From the line with "(* lnfac n >= ln" to the final line, print the records exactly as they are.

════════════════════

(* Let $X$ be the Markov chain on $\mathbf{Z}^+=\{0,1,2,\dots\}$ with $X_0=0$ and transition probabilities defined as follows: for $n\ge0$ and $2^n-1\le k\le 2^{n+1}-2$, $p_{k,k}=1/2$, $p_{k,2^{n+1}}=\dfrac{1}{(2^{n+1}-k)\ln(n+e^2)}$, $p_{k,k+1}=1/2-p_{k,2^{n+1}}$. Then the jumps $\xi(k)$ are uniformly integrable and converge weakly as $k\to\infty$ to the Bernoulli distribution with $\mathbf{P}\{\xi=0\}=\mathbf{P}\{\xi=1\}=1/2$ (so $1/\mathbf{E}\xi=2$), but the renewal measure $U\{k\}=\sum_{m\ge0}\mathbf{P}\{X_m=k\}$ does not converge to $2$ as $k\to\infty$.
   Context: $\xi(k)$ denotes a random variable with $\mathbf{P}\{k+\xi(k)=j\}=p_{k,j}$. Note $p_{k,2^{n+1}}\le1/2$, so the transition probabilities are well defined. *)

From Stdlib Require Import Reals Lra Arith.
Open Scope R_scope.

(* Block index: the unique n with 2^n - 1 <= k <= 2^(n+1) - 2, i.e. log2 (k+1). *)
Definition blk (k : nat) : nat := Nat.log2 (S k).

Definition qjump (k : nat) : R :=
  / ((INR (2 ^ S (blk k)) - INR k) * ln (INR (blk k) + exp 2)).

Definition p (k j : nat) : R :=
  if Nat.eq_dec j k then 1/2
  else if Nat.eq_dec j (2 ^ S (blk k)) then qjump k
  else if Nat.eq_dec j (S k) then 1/2 - qjump k
  else 0.

(* distX m j = P{X_m = j} for the chain started at X_0 = 0.
   Chapman-Kolmogorov; the sum over i is restricted to i <= j since
   p i j = 0 whenever i > j (the chain never moves down). *)
Fixpoint distX (m j : nat) : R :=
  match m with
  | O => if Nat.eq_dec j 0 then 1 else 0
  | S m' => sum_f_R0 (fun i => distX m' i * p i j) j
  end.

(* E f(xi(k)) = l, where P{k + xi(k) = j} = p_{k,j} *)
Definition jump_expect (k : nat) (f : R -> R) (l : R) : Prop :=
  infinite_sum (fun j => p k j * f (INR j - INR k)) l.

Definition jumps_weak_cv_bernoulli : Prop :=
  forall f : R -> R, continuity f -> (exists B, forall x, Rabs (f x) <= B) ->
    forall L : nat -> R, (forall k, jump_expect k f (L k)) ->
      Un_cv L (f 0 / 2 + f 1 / 2).

(* uniform integrability: sup_k E[|xi(k)| ; |xi(k)| > M] -> 0 as M -> oo *)
Definition tail_part (M : R) (x : R) : R :=
  if Rlt_dec M (Rabs x) then Rabs x else 0.

Definition jumps_unif_integrable : Prop :=
  forall eps, eps > 0 -> exists M0 : R, forall M, M >= M0 ->
    forall k l, jump_expect k (tail_part M) l -> l < eps.

Definition renewal_measure_is (U : nat -> R) : Prop :=
  forall k, infinite_sum (fun m => distX m k) (U k).

(* The state space splits into blocks [2^n - 1, 2^(n+1) - 2]; from k
   in block n the chain stays w.p. 1/2, steps to k+1 w.p. 1/2 - q_k and jumps
   to 2^(n+1) w.p. q_k = 1 / (D_k lnfac n), where D_k = 2^(n+1) - k is the jump
   length and lnfac n = ln (n + e^2) grows slowly.

   - Jump law: E f(xi(k)) = f(0)/2 + q_k f(D_k) + (1/2 - q_k) f(1).  Since
     q_k D_k = 1/lnfac n -> 0 and q_k <= 1/lnfac n, this gives uniform
     integrability and weak convergence to Bernoulli(1/2).
   - Finiteness of U{k}: the chain never moves down and stays with probability
     1/2, so partial renewal sums at k are bounded by those below k.
   - Non-convergence: inside block n the point k+1 is entered only from k, so
     U{k+1} = 2 p_{k,k+1} U{k} = (1 - 2 q_k) U{k}.  Across the block the factors
     multiply to at most 1 / (1 + sum 2 q_k), and sum 2 q_k >= n / lnfac n by
     H(2^n) >= 1 + n/2; this is >= 2 for n >= 16, contradicting U -> 2. *)

From Stdlib Require Import Reals Lra Lia.
Open Scope R_scope.

Definition lnfac (n : nat) : R := ln (INR n + exp 2).

Lemma exp_lnfac n : exp (lnfac n) = INR n + exp 2.
Proof. apply exp_ln. pose proof (pos_INR n); pose proof (exp_pos 2); lra. Qed.

(* lnfac n >= ln (e^2) = 2; keeps all probabilities in range. *)
Lemma lnfac_ge2 n : 2 <= lnfac n.
Proof.
  apply Rnot_lt_le; intros Hlt.
  pose proof (exp_increasing _ _ Hlt) as Hexp.
  rewrite exp_lnfac in Hexp. pose proof (pos_INR n); lra.
Qed.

════════════════════

TASK ANSWER:
(* lnfac n >= ln (e^2) = 2; keeps all probabilities in range. *)
Lemma lnfac_ge2 n : 2 <= lnfac n.
Proof.
  apply Rnot_lt_le; intros Hlt.
  pose proof (exp_increasing _ _ Hlt) as Hexp.
  rewrite exp_lnfac in Hexp. pose proof (pos_INR n); lra.
Qed.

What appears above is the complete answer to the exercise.